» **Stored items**
Lemma lebesgue_measure_co_cap_unit (R : realType) (a b : R) :
  0 <= a -> a < b -> b <= 1 ->
  lebesgue_measure ([set` `[a, b[] `&` [set` `]0, 1[]) = (b - a)%:E.
Proof.
move=> a0 ab b1; have mitv (i : interval R) : measurable [set` i].
  exact: measurable_itv.
have leb_oo : lebesgue_measure [set` `]a, b[] = (b - a)%:E.
  by rewrite lebesgue_measure_itv /= lte_fin ab -EFinD.
have leb_cc : lebesgue_measure [set` `[a, b]] = (b - a)%:E.
  by rewrite lebesgue_measure_itv /= lte_fin ab -EFinD.
apply/le_anti/andP; split.
- rewrite -leb_cc.
  apply: le_measure; rewrite ?inE; [exact: measurableI|exact: mitv|].
  by move=> x [/=]; rewrite !in_itv /= => /andP[-> /ltW ->].
- rewrite -leb_oo.
  apply: le_measure; rewrite ?inE; [exact: mitv|exact: measurableI|].
  move=> x /=; rewrite !in_itv /= => /andP[ax xb]; split => /=.
    by rewrite (ltW ax) xb.
  by rewrite (le_lt_trans a0 ax) (lt_le_trans xb b1).
Qed.

Section uniform01.
Context d (T : measurableType d) (R : realType) (P : probability T R) (X : T -> R).
Hypothesis X_unif : uniform01 P X.

Lemma uniform01_cell n k : (0 < n)%N -> (k < n)%N ->
  P (X @^-1` [set` cell R n k]) = (n%:R^-1)%:E.
Proof.
move=> n0 kn; rewrite X_unif.2; last exact: measurable_itv.
have n0' : (0 : R) < n%:R by rewrite ltr0n.
rewrite lebesgue_measure_co_cap_unit.
- by rewrite -mulrBl -natrB // subSnn mul1r.
- by rewrite divr_ge0.
- by rewrite ltr_pM2r ?invr_gt0 // ltr_nat.
- by rewrite ler_pdivrMr // mul1r ler_nat.
Qed.

Lemma uniform01_ae_unit : {ae P, forall t, X t \in `[0, 1[}.
Proof.
pose N := X @^-1` (~` [set` `[(0 : R), 1[]).
have mN : measurable N.
  rewrite -[N]setTI; apply: X_unif.1 => //.
  by apply: measurableC; exact: measurable_itv.
exists N; split => //.
rewrite X_unif.2; last by apply: measurableC; exact: measurable_itv.
suff -> : ~` [set` `[0, 1[] `&` [set` `]0, 1[] = set0 :> set R by rewrite measure0.
apply/seteqP; split => x // [/= + ]; rewrite !in_itv /= => + /andP[x0 x1].
by rewrite (ltW x0) x1.
Qed.

End uniform01.

Definition jitter_le (R : numDomainType) (c1 c2 : nat) (x y : R) : R :=
  (c1%:R + x <= c2%:R + y)%R%:R.

(* The expectation of [jitter_le]; [same] tells whether both perturbations are
   the same random variable. *)
Definition jitter_le_mean (R : numFieldType) (same : bool) (c1 c2 : nat) : R :=
  if same then (c1 <= c2)%:R else if c1 == c2 then 2^-1 else (c1 < c2)%:R.

Lemma jitter_le_mean_ge0 (R : numFieldType) same c1 c2 :
  0 <= jitter_le_mean R same c1 c2.
Proof. by rewrite /jitter_le_mean; case: ifP => _; [|case: ifP => _]. Qed.

Lemma jitter_le_diag (R : numDomainType) c1 c2 (x : R) :
  jitter_le c1 c2 x x = (c1 <= c2)%:R.
Proof. by rewrite /jitter_le lerD2r ler_nat. Qed.

Lemma jitter_le_eq (R : numDomainType) c (x y : R) :
  jitter_le c c x y = (x <= y)%R%:R.
Proof. by rewrite /jitter_le lerD2l. Qed.

Lemma jitter_le_unit (R : realFieldType) c1 c2 (x y : R) :
  x \in `[0, 1[ -> y \in `[0, 1[ -> c1 != c2 -> jitter_le c1 c2 x y = (c1 < c2)%:R.
Proof.
rewrite !in_itv /= => /andP[x0 x1] /andP[y0 y1] c12; rewrite /jitter_le.
case: ltngtP c12 => // [lt12|lt21] _.
  have le12 : c1%:R + 1 <= c2%:R :> R by rewrite natr1 ler_nat.
  by have -> : c1%:R + x <= c2%:R + y by lra.
have le21 : c2%:R + 1 <= c1%:R :> R by rewrite natr1 ler_nat.
by rewrite leNgt; have -> : c2%:R + y < c1%:R + x by lra.
Qed.

Lemma natr_card_set (R : pzSemiRingType) (E : finType) (p : pred E) :
  #|[set f | p f]|%:R = \sum_f (p f)%:R :> R.
Proof.
rewrite -sum1_card natr_sum big_mkcond /=; apply: eq_bigr => f _.
have -> : (f \in [set f0 | p f0]) = p f by apply/idP/idP => [/set_mem|/mem_set].
by case: (p f).
Qed.

Lemma rank_natrE (R : realType) (E : finType) (x : E -> R) e :
  (rank x e)%:R = \sum_f (x e <= x f)%R%:R :> R.
Proof. exact: natr_card_set. Qed.

Lemma avg_rank_natrE (R : realType) (E : finType) (D : E -> nat) e :
  avg_rank (fun f => (D f)%:R : R) e = \sum_f jitter_le_mean R (e == f) (D e) (D f).
Proof.
rewrite /avg_rank !natr_card_set; symmetry.
transitivity (\sum_f ((D e < D f)%N%:R + ((D f == D e)%:R + (e == f)%:R) / 2 : R)).
  apply: eq_bigr => f _; rewrite /jitter_le_mean.
  case: (eqVneq e f) => [<-|ef]; first by rewrite ltnn leqnn eqxx /=; field.
  by rewrite eq_sym; case: eqVneq => [->|_] /=; rewrite ?ltnn ?add0r ?addr0; field.
have sum_eq : \sum_f (e == f)%:R = 1 :> R.
  by rewrite (bigD1 e) //= eqxx big1 ?addr0 // => f; rewrite eq_sym => /negbTE ->.
rewrite big_split /= -mulr_suml big_split /= sum_eq.
congr (_ + (_ + _) / 2); apply: eq_bigr => f _.
  by rewrite ltr_nat.
by rewrite eqr_nat.
Qed.

Section independent_uniforms.
Context d (T : measurableType d) (R : realType) (P : probability T R).
Context (I : finType) (X : I -> T -> R).
Hypothesis X_unif : forall i, uniform01 P (X i).
Hypothesis X_indep : mutually_independent P X.

Let mX i : measurable_fun setT (X i). Proof. exact: X_indep.1. Qed.

Let inv_nat_unit n : (0 < n)%N -> 0 < (n%:R^-1 : R) <= 1.
Proof. by move=> n0; rewrite invr_gt0 ltr0n n0 invf_le1 ?ler1n ?ltr0n. Qed.

Let unit_ge0 (x : R) : x \in `[0, 1[ -> 0 <= x.
Proof. by rewrite in_itv /= => /andP[]. Qed.

Lemma ae_unit : {ae P, forall t, forall i, X i t \in `[0, 1[}.
Proof. by apply: filter_forall => i; exact: uniform01_ae_unit. Qed.

Lemma measurable_in_itv i (J : interval R) : measurable_fun setT (fun t => X i t \in J).
Proof.
apply: (measurable_fun_bool true).
exact: (mX i) measurableT _ (measurable_itv J).
Qed.

Local Open Scope ereal_scope.

Lemma expectation_all_in (s : seq I) (B : I -> interval R) : uniq s ->
  'E_P[fun t => (all (fun i => X i t \in B i) s)%:R]
  = \prod_(i <- s) P (X i @^-1` [set` B i]).
Proof.
move=> s_uniq; pose A := \bigcap_(i in [set i | i \in [set i in s]]) X i @^-1` [set` B i].
have mA : measurable A.
  apply: fin_bigcap_measurable => [|i _]; first exact: finite_finset.
  by rewrite -[_ @^-1` _]setTI; apply: (mX i) => //; exact: measurable_itv.
have -> : (fun t => (all (fun i => X i t \in B i) s)%:R) = \1_A :> (T -> R).
  apply/funext => t; rewrite indicE; congr (nat_of_bool _)%:R.
  apply/allP/idP => [Bt|/set_mem At i si]; last by apply: At; rewrite /= inE.
  by apply/mem_set => i /=; rewrite inE; exact: Bt.
rewrite expectation_indic // (X_indep.2 _ (fun i => [set` B i])) => [|i]; last first.
  exact: measurable_itv.
by rewrite (big_uniq _ s_uniq); apply: eq_bigl => i; rewrite inE.
Qed.

Lemma expectation_in2 i j (A B : interval R) : i != j ->
  'E_P[fun t => ((X i t \in A) && (X j t \in B))%:R]
  = P (X i @^-1` [set` A]) * P (X j @^-1` [set` B]).
Proof.
move=> ij; pose C m := if m == i then A else B.
have -> : (fun t => ((X i t \in A) && (X j t \in B))%:R)
    = (fun t => (all (fun m => X m t \in C m) [:: i; j])%:R) :> (T -> R).
  by apply/funext => t; rewrite /= /C eqxx eq_sym (negbTE ij) andbT.
rewrite expectation_all_in /= ?inE ?ij // !big_cons big_nil mule1.
by rewrite /C eqxx eq_sym (negbTE ij).
Qed.

Lemma expectation_in4 i1 i2 i3 i4 (A1 A2 A3 A4 : interval R) :
  uniq [:: i1; i2; i3; i4] ->
  'E_P[fun t => (((X i1 t \in A1) && (X i2 t \in A2)) &&
                 ((X i3 t \in A3) && (X i4 t \in A4)))%:R]
  = P (X i1 @^-1` [set` A1]) * P (X i2 @^-1` [set` A2]) *
    (P (X i3 @^-1` [set` A3]) * P (X i4 @^-1` [set` A4])).
Proof.
move=> u; pose C m := if m == i1 then A1 else if m == i2 then A2
  else if m == i3 then A3 else A4.
have [C1 C2 C3 C4] : [/\ C i1 = A1, C i2 = A2, C i3 = A3 & C i4 = A4].
  move: u; rewrite /= !inE !negb_or /C.
  move=> /andP[/and3P[n12 n13 n14] /andP[/andP[n23 n24] /andP[n34 _]]].
  by rewrite !eqxx !(eq_sym i2) !(eq_sym i3) !(eq_sym i4)
    (negbTE n12) (negbTE n13) (negbTE n14) (negbTE n23) (negbTE n24) (negbTE n34).
have -> : (fun t => (((X i1 t \in A1) && (X i2 t \in A2)) &&
                     ((X i3 t \in A3) && (X i4 t \in A4)))%:R)
    = (fun t => (all (fun m => X m t \in C m) [:: i1; i2; i3; i4])%:R) :> (T -> R).
  by apply/funext => t; rewrite /= C1 C2 C3 C4 andbT !andbA.
rewrite expectation_all_in // !big_cons big_nil mule1 C1 C2 C3 C4.
by rewrite !muleA.
Qed.

Lemma nonneg_mfun_cell_rel n r i j :
  nonneg_mfun (fun t => cell_rel n r (X i t) (X j t)).
Proof.
apply: nonneg_mfun_sum => p; apply: nonneg_mfunZl; first exact: ler0n.
by apply: nonneg_mfun_natr; apply: measurable_and; exact: measurable_in_itv.
Qed.

Lemma expectation_cell_rel n r i j : (0 < n)%N -> i != j ->
  'E_P[fun t => cell_rel n r (X i t) (X j t)] = (rel_density R n r)%:E.
Proof.
move=> n0 ij; rewrite ge0_expectation_weighted_sum => [|p|p]; last 2 first.
- exact: ler0n.
- by apply: measurable_and; exact: measurable_in_itv.
under eq_bigr do rewrite expectation_in2 // !uniform01_cell // -!EFinM.
rewrite sumEFin /rel_density mulr_suml; congr EFin.
by apply: eq_bigr => p _; rewrite expr2 invfM.
Qed.

Lemma expectation_cell_relM n r r' i1 i2 i3 i4 : (0 < n)%N ->
  uniq [:: i1; i2; i3; i4] ->
  'E_P[fun t => (cell_rel n r (X i1 t) (X i2 t) * cell_rel n r' (X i3 t) (X i4 t))%R]
  = (rel_density R n r * rel_density R n r')%:E.
Proof.
move=> n0 u.
have -> : (fun t => cell_rel n r (X i1 t) (X i2 t) * cell_rel n r' (X i3 t) (X i4 t))%R
  = (fun t => \sum_(pq : ('I_n * 'I_n) * ('I_n * 'I_n))
       ((r pq.1.1 pq.1.2)%:R * (r' pq.2.1 pq.2.2)%:R) *
       (((X i1 t \in cell R n pq.1.1) && (X i2 t \in cell R n pq.1.2)) &&
        ((X i3 t \in cell R n pq.2.1) && (X i4 t \in cell R n pq.2.2)))%:R)%R.
  apply/funext => t; rewrite /cell_rel mulr_suml.
  under eq_bigr do rewrite mulr_sumr.
  rewrite pair_bigA; apply: eq_bigr => pq _.
  by rewrite mulrACA [in RHS]natr_andb.
rewrite ge0_expectation_weighted_sum => [|pq|pq]; last 2 first.
- by rewrite mulr_ge0.
- by do 2 apply: measurable_and; exact: measurable_in_itv.
under eq_bigr do rewrite expectation_in4 // !uniform01_cell // -!EFinM.
rewrite sumEFin /rel_density; congr EFin.
rewrite [RHS]mulrACA expr2 invfM -mulr_suml; congr (_ * _)%R.
symmetry; rewrite mulr_suml; under eq_bigr do rewrite mulr_sumr.
by rewrite pair_bigA.
Qed.

Lemma expectation_le_half i j : i != j ->
  'E_P[fun t => (X i t <= X j t)%R%:R] = (2^-1)%:E.
Proof.
move=> ij; apply: eq_EFin_inv_nat_bounds => n n0.
have /andP[e0 e1] := inv_nat_unit n0.
have lo : 'E_P[fun t => cell_rel n ltn (X i t) (X j t)] <=
          'E_P[fun t => (X i t <= X j t)%R%:R].
  apply: ge0_le_expectation_ae; [exact: nonneg_mfun_cell_rel|exact: nonneg_mfun_ler|].
  apply: filterS ae_unit => t Xt; rewrite (cell_relE n0 _ (Xt i) (Xt j)).
  apply: ler_natb => lt_ij; exact: (ltn_cell_index n0 (unit_ge0 (Xt j)) lt_ij).
have hi : 'E_P[fun t => (X i t <= X j t)%R%:R] <=
          'E_P[fun t => cell_rel n leq (X i t) (X j t)].
  apply: ge0_le_expectation_ae; [exact: nonneg_mfun_ler|exact: nonneg_mfun_cell_rel|].
  apply: filterS ae_unit => t Xt; rewrite (cell_relE n0 _ (Xt i) (Xt j)).
  apply: ler_natb => le_ij; exact: (leq_cell_index n0 (unit_ge0 (Xt i)) le_ij).
rewrite expectation_cell_rel // rel_density_ltn // in lo.
rewrite expectation_cell_rel // rel_density_leq // in hi.
apply/andP; split; [apply: le_trans lo|apply: le_trans hi _]; rewrite lee_fin; lra.
Qed.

» **Task objective**
All lines above with "then" in them should be returned.

» **Answer for this exercise**
  if same then (c1 <= c2)%:R else if c1 == c2 then 2^-1 else (c1 < c2)%:R.
move=> ij; pose C m := if m == i then A else B.
move=> u; pose C m := if m == i1 then A1 else if m == i2 then A2
  else if m == i3 then A3 else A4.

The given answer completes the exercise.